Use arrays of indices to access multiple elements simultaneously:

In [None]:
# 1D fancy indexing
arr = np.array([10, 20, 30, 40, 50, 60, 70, 80, 90])
indices = [0, 2, 5, 8]

print(f"Original array: {arr}")
print(f"Indices to select: {indices}")
print(f"Selected elements: {arr[indices]}")

# Reorder elements
reorder = [8, 0, 4, 2, 6, 1, 7, 3, 5]
print(f"\nReordered array: {arr[reorder]}")

# 2D fancy indexing
matrix = np.arange(1, 17).reshape(4, 4)
print("\nOriginal matrix:")
print(matrix)

# Select specific elements
rows = [0, 1, 2, 3]
cols = [0, 1, 2, 3]
diagonal = matrix[rows, cols]
print(f"\nDiagonal elements: {diagonal}")

# Select multiple specific elements
rows = [0, 1, 3]
cols = [1, 2, 0]
specific = matrix[rows, cols]
print(f"Elements at (0,1), (1,2), (3,0): {specific}")

### ðŸŽ¯ Practice Exercise 2: Indexing and Slicing

Practice array manipulation using various indexing techniques:

In [None]:
# Exercise: Array Manipulation
# Given a 6x6 matrix of random integers (0-100):
# 1. Extract the 3x3 center submatrix
# 2. Get all elements on the main diagonal
# 3. Find all elements greater than 75
# 4. Set all elements in the corners to -1

# Create the matrix
np.random.seed(10)
matrix = np.random.randint(0, 100, size=(6, 6))
print("Original matrix:")
print(matrix)

# Your code here:
# TODO: Extract center 3x3
# TODO: Get diagonal elements
# TODO: Find elements > 75
# TODO: Set corners to -1


# Test your solution (uncomment when ready):
# print("\nCenter 3x3:")
# print(center)
# print("\nDiagonal:", diagonal)
# print("\nElements > 75:", large_elements)
# print("\nMatrix with -1 corners:")
# print(matrix)

## Part 3: Array Operations and Broadcasting

### Vectorized Operations

NumPy's true power comes from vectorization - performing operations on entire arrays without writing explicit loops:

In [None]:
# Element-wise operations
a = np.array([1, 2, 3, 4, 5])
b = np.array([10, 20, 30, 40, 50])

print(f"Array a: {a}")
print(f"Array b: {b}")
print(f"\nAddition (a + b): {a + b}")
print(f"Subtraction (b - a): {b - a}")
print(f"Multiplication (a * b): {a * b}")
print(f"Division (b / a): {b / a}")
print(f"Power (a ** 2): {a ** 2}")
print(f"Modulo (b % a): {b % a}")

In [None]:
# Operations with scalars
arr = np.array([1, 2, 3, 4, 5])

print(f"Original array: {arr}")
print(f"\nAdd 10: {arr + 10}")
print(f"Multiply by 2: {arr * 2}")
print(f"Divide by 2: {arr / 2}")
print(f"Square root: {np.sqrt(arr)}")
print(f"Exponential: {np.exp(arr)}")
print(f"Natural log: {np.log(arr)}")

### Understanding Broadcasting

Broadcasting is NumPy's powerful mechanism for performing operations on arrays of different shapes.

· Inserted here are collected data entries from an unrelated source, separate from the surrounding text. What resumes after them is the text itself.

(* Let $q$ be a prime power and let $n,k,r$ be integers with $4\le k\le\frac{n-1}{2}$, $n\le q$, and $2\le r\le k-2$; set $h=(k-1)+r$ and assume $h\le q-2$. Let $\alpha_1,\dots,\alpha_n\in\mathbb{F}_q$ be pairwise distinct and let $C_{h,k}$ be the linear code generated by the $k\times n$ matrix whose rows are $(\alpha_1^{e},\dots,\alpha_n^{e})$ for $e=0,1,\dots,k-2$ and $e=h$. If $C_{h,k}$ is MDS, then $C_{h,k}$ is a non-GRS MDS code.
   Context: Convention: $0^0=1$. A linear code is MDS if its parameters $[n,k,d]$ satisfy $d=n-k+1$. For pairwise distinct $a_1,\dots,a_n\in\mathbb{F}_q$ and $w\in(\mathbb{F}_q^* )^n$, $GRS(n,k,\{a_i\},w)=\{(w_1f(a_1),\dots,w_nf(a_n)) : f\in\mathbb{F}_q[x],\ \deg f\le k-1\}$. Two codes are (monomially) equivalent if one is obtained from the other by permuting coordinates and scaling coordinates by nonzero scalars. A non-GRS MDS code is an MDS code not equivalent to any GRS code. *)

From HB Require Import structures.
From mathcomp Require Import all_boot all_order all_algebra all_fingroup.
Set Implicit Arguments. Unset Strict Implicit. Unset Printing Implicit Defensive.
Import GRing.Theory.
Local Open Scope ring_scope.

Section Codes.
Variable F : finFieldType.

Definition code (n : nat) := 'rV[F]_n -> Prop.

Definition gen_code (m n : nat) (G : 'M[F]_(m, n)) : code n :=
  fun v => (v <= G)%MS.

Definition wt (n : nat) (v : 'rV[F]_n) : nat := #|[set i : 'I_n | v 0 i != 0]|.

(* Minimum distance of the code generated by G (minimum weight of a nonzero
   codeword; n.+1 if the code is zero). *)
Definition mindist (m n : nat) (G : 'M[F]_(m, n)) : nat :=
  \big[minn/n.+1]_(v : 'rV[F]_n | (v <= G)%MS && (v != 0)) wt v.

Definition is_MDS (m n : nat) (G : 'M[F]_(m, n)) : Prop :=
  (0 < \rank G)%N /\ mindist G = (n - \rank G + 1)%N.

Definition GRS (n k : nat) (a w : 'I_n -> F) : code n :=
  fun v => exists f : {poly F}, (size f <= k)%N /\ v = \row_j (w j * f.[a j]).

Definition mon_equiv (n : nat) (C1 C2 : code n) : Prop :=
  exists (s : 'S_n) (u : 'I_n -> F), (forall i, u i != 0) /\
    forall v, C1 v <-> C2 (\row_i (u i * v 0 (s i))).

Definition is_GRS_equiv (n : nat) (C : code n) : Prop :=
  exists (k : nat) (a w : 'I_n -> F), injective a /\ (forall i, w i != 0) /\
    mon_equiv C (GRS k a w).

Definition Chk_gen (n k h : nat) (alpha : 'I_n -> F) : 'M[F]_(k, n) :=
  \matrix_(i < k, j < n) alpha j ^+ (if (i < k.-1)%N then (i : nat) else h).

End Codes.

(* If C = C_{h,k} were monomially equivalent to a GRS code of dimension k',
   then on one hand C would contain min(k', n) linearly independent vectors
   (the images of 1, x, ..., x^(k'-1)), so k' <= k.  On the other hand the
   coordinatewise products of codewords of a GRS code of dimension k' lie in a
   GRS code of dimension 2k' - 1, whereas the products of the rows x^e1 and
   x^e2 of C, with e1, e2 in {0, ..., k-2, h}, realise every exponent e < 2k
   because k + 1 <= h <= 2k - 3; as 2k <= n these 2k Vandermonde rows are
   independent, so 2k <= 2k' - 1. *)

From HB Require Import structures.
From mathcomp Require Import all_boot all_order all_algebra all_fingroup.
From mathcomp Require Import zify.
Set Implicit Arguments. Unset Strict Implicit. Unset Printing Implicit Defensive.
Import GRing.Theory.

Local Open Scope ring_scope.

Definition GRS_gen (F : fieldType) (N n : nat) (a w : 'I_n -> F) : 'M[F]_(N, n) :=
  \matrix_(j < N, i < n) (w i * a i ^+ j).

Section GRSGenerator.
Variables (F : fieldType) (n : nat) (a w : 'I_n -> F).

Lemma poly_rV_mul_GRS_gen N (p : {poly F}) : (size p <= N)%N ->
  poly_rV p *m GRS_gen N a w = \row_i (w i * p.[a i]).
Proof.
move=> sp; apply/rowP => i; rewrite !mxE (horner_coef_wide _ sp) mulr_sumr.
by apply: eq_bigr => j _; rewrite !mxE mulrCA.
Qed.

Lemma row_free_GRS_gen N : (N <= n)%N -> injective a -> (forall i, w i != 0) ->
  row_free (GRS_gen N a w).
Proof.
move=> le_N_n a_inj w_neq0; apply: inj_row_free => v vG0.
have size_v : (size (rVpoly v) <= N)%N := size_poly _ _.
have root_v i : root (rVpoly v) (a i).
  have := congr1 (fun A : 'rV_n => A 0 i) (poly_rV_mul_GRS_gen size_v).
  rewrite /= rVpolyK vG0 !mxE => /esym/eqP.
  by rewrite mulf_eq0 (negbTE (w_neq0 i)).
have v0 : rVpoly v = 0.
  apply: (@roots_geq_poly_eq0 _ _ [seq a i | i <- enum 'I_n]).
  - by apply/allP => _ /mapP[i _ ->].
  - by rewrite map_inj_uniq ?enum_uniq.
  - by rewrite size_map size_enum_ord (leq_trans size_v).
by rewrite -[v]rVpolyK v0 linear0.
Qed.

End GRSGenerator.

Section GRSCode.
Variables (F : finFieldType) (n : nat) (a : 'I_n -> F).

Lemma GRS_sub_gen N w v : GRS N a w v -> (v <= GRS_gen N a w)%MS.
Proof. by case=> p [sp ->]; rewrite -(poly_rV_mul_GRS_gen a w sp) submxMl. Qed.

Lemma GRS_schur_sub k1 k2 w v1 v2 : GRS k1 a w v1 -> GRS k2 a w v2 ->
  (\row_i (v1 0 i * v2 0 i)%R <= GRS_gen (k1 + k2).-1 a (fun i => w i ^+ 2))%MS.
Proof.
case=> [f1 [sf1 ->]] [f2 [sf2 ->]]; apply: GRS_sub_gen; exists (f1 * f2); split.
  by rewrite (leq_trans (size_polyMleq _ _)) // -!subn1 leq_sub2r // leq_add.
by apply/rowP => i; rewrite !mxE hornerM expr2 mulrACA.
Qed.

End GRSCode.

Section GRSEquivalentCode.
Variables (F : finFieldType) (m n k : nat) (G : 'M[F]_(m, n)).
Variables (a w u : 'I_n -> F) (s : 'S_n).
Hypotheses (a_inj : injective a) (w_neq0 : forall i, w i != 0)
           (u_neq0 : forall i, u i != 0).
Hypothesis G_GRS : forall v, gen_code G v <-> GRS k a w (\row_i (u i * v 0 (s i))).

Lemma GRS_equiv_rank_ge N : (N <= k)%N -> (N <= n)%N -> (N <= \rank G)%N.
Proof.
move=> le_N_k le_N_n.
pose t i := (s^-1)%g i.
pose M := GRS_gen N (a \o t) (fun i => w (t i) / u (t i)).
have free_M : row_free M.
  apply: row_free_GRS_gen => //; first exact: inj_comp a_inj (@perm_inj _ _).
  by move=> i; rewrite mulf_neq0 ?invr_eq0.
have M_sub : (M <= G)%MS.
  apply/row_subP => j; apply/G_GRS; exists 'X^j; split.
    by rewrite size_polyXn (leq_trans (ltn_ord j)).
  apply/rowP => i; rewrite !mxE /t /= (permK s) hornerXn mulrA [u i * _]mulrC divfK //.
by rewrite -(eqP free_M) mxrankS.
Qed.

Lemma GRS_equiv_schur_sub (v1 v2 : 'rV_n) : (v1 <= G)%MS -> (v2 <= G)%MS ->
  (\row_i (u i ^+ 2 * (v1 0 (s i) * v2 0 (s i)))%R
     <= GRS_gen (k + k).-1 a (fun i => w i ^+ 2))%MS.
Proof.
move=> /G_GRS C1 /G_GRS C2; have := GRS_schur_sub C1 C2.
congr (_ <= _)%MS; apply/rowP => i; rewrite !mxE.
by rewrite expr2 mulrACA.
Qed.

End GRSEquivalentCode.

Lemma monomial_sub_Chk_gen (F : finFieldType) n k h (alpha : 'I_n -> F) e :
  (e < k.-1)%N \/ e = h -> (0 < k)%N ->
  (\row_j alpha j ^+ e <= Chk_gen k h alpha)%MS.
Proof.
move=> e_exp k_gt0.
have [i ->] : exists i : 'I_k, \row_j alpha j ^+ e = row i (Chk_gen k h alpha).
  case: e_exp => [e_lt | ->].
  - have e_lt_k : (e < k)%N by lia.
    by exists (Ordinal e_lt_k); apply/rowP => j; rewrite !mxE /= e_lt.
  - have k1_lt_k : (k.-1 < k)%N by lia.
    by exists (Ordinal k1_lt_k); apply/rowP => j; rewrite !mxE /= ltnn.
exact: row_sub.
Qed.

Lemma Chk_exponent_split k h e : (k.+1 <= h <= 2 * k - 3)%N -> (e < 2 * k)%N ->
  exists e1 e2, [/\ e = (e1 + e2)%N, (e1 < k.-1)%N \/ e1 = h
                                   & (e2 < k.-1)%N \/ e2 = h].
Proof.
move=> /andP[h_gt h_le] e_lt; case: (leqP e (2 * k - 4)) => e_le.
- by exists (minn e (k - 2)), (e - minn e (k - 2))%N; split; [lia | left; lia | left; lia].
- by exists h, (e - h)%N; split; [lia | right | left; lia].
Qed.

Lemma Chk_gen_GRS_equiv_dim_gt (F : finFieldType) n k h (alpha : 'I_n -> F)
    k' (a w u : 'I_n -> F) (s : 'S_n) :
  (k.+1 <= h <= 2 * k - 3)%N -> (2 * k <= n)%N -> injective alpha ->
  (forall i, u i != 0) ->
  (forall v, gen_code (Chk_gen k h alpha) v <->
     GRS k' a w (\row_i (u i * v 0 (s i)))) ->
  (k < k')%N.
Proof.
move=> h_range le_2k_n alpha_inj u_neq0 G_GRS.
have squares_sub : (GRS_gen (2 * k) (alpha \o s) (fun i => u i ^+ 2)
                      <= GRS_gen (k' + k').-1 a (fun i => w i ^+ 2))%MS.
  apply/row_subP => e.
  have [e1 [e2 [e_split he1 he2]]] := Chk_exponent_split h_range (ltn_ord e).
  have k_gt0 : (0 < k)%N by lia.
  have := GRS_equiv_schur_sub G_GRS (monomial_sub_Chk_gen alpha he1 k_gt0)
                                    (monomial_sub_Chk_gen alpha he2 k_gt0).
  by congr (_ <= _)%MS; apply/rowP => i; rewrite !mxE e_split exprD.
have free_squares : row_free (GRS_gen (2 * k) (alpha \o s) (fun i => u i ^+ 2)).
  apply: row_free_GRS_gen => //; first exact: inj_comp alpha_inj (@perm_inj _ _).
  by move=> i; rewrite expf_neq0.
have := mxrankS squares_sub; rewrite (eqP free_squares).
by have := rank_leq_row (GRS_gen (k' + k').-1 a (fun i => w i ^+ 2)); lia.
Qed.

Theorem theorem4p4 (F : finFieldType) (n k r : nat) (alpha : 'I_n -> F) :
  (4 <= k)%N -> (2 * k <= n - 1)%N -> (n <= #|F|)%N ->
  (2 <= r)%N -> (r <= k - 2)%N -> ((k - 1) + r <= #|F| - 2)%N ->
  injective alpha ->
  is_MDS (Chk_gen k ((k - 1) + r) alpha) ->
  is_MDS (Chk_gen k ((k - 1) + r) alpha) /\
  ~ is_GRS_equiv (gen_code (Chk_gen k ((k - 1) + r) alpha)).
Proof.
move=> k_ge4 two_k_lt_n _ r_ge2 r_le _ alpha_inj MDS; split=> //.
case=> k' [a [w [a_inj [w_neq0 [s [u [u_neq0 G_GRS]]]]]]].
have h_range : (k.+1 <= k - 1 + r <= 2 * k - 3)%N by apply/andP; lia.
have le_2k_n : (2 * k <= n)%N by lia.
have le_k1_n : (k.+1 <= n)%N by lia.
have k_lt_k' := Chk_gen_GRS_equiv_dim_gt h_range le_2k_n alpha_inj u_neq0 G_GRS.
have := GRS_equiv_rank_ge a_inj w_neq0 u_neq0 G_GRS k_lt_k' le_k1_n.
by have := rank_leq_row (Chk_gen k (k - 1 + r) alpha); lia.
Qed.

It follows specific rules to "broadcast" smaller arrays across larger ones.

In [None]:
# Broadcasting scalar to array
arr = np.array([[1, 2, 3],
                [4, 5, 6],
                [7, 8, 9]])

print("Original array:")
print(arr)
print("\nAdd 10 (scalar broadcasts to all elements):")
print(arr + 10)

In [None]:
# Broadcasting 1D array to 2D array
matrix = np.array([[1, 2, 3],
                   [4, 5, 6],
                   [7, 8, 9]])

row_vector = np.array([10, 20, 30])
col_vector = np.array([[100], [200], [300]])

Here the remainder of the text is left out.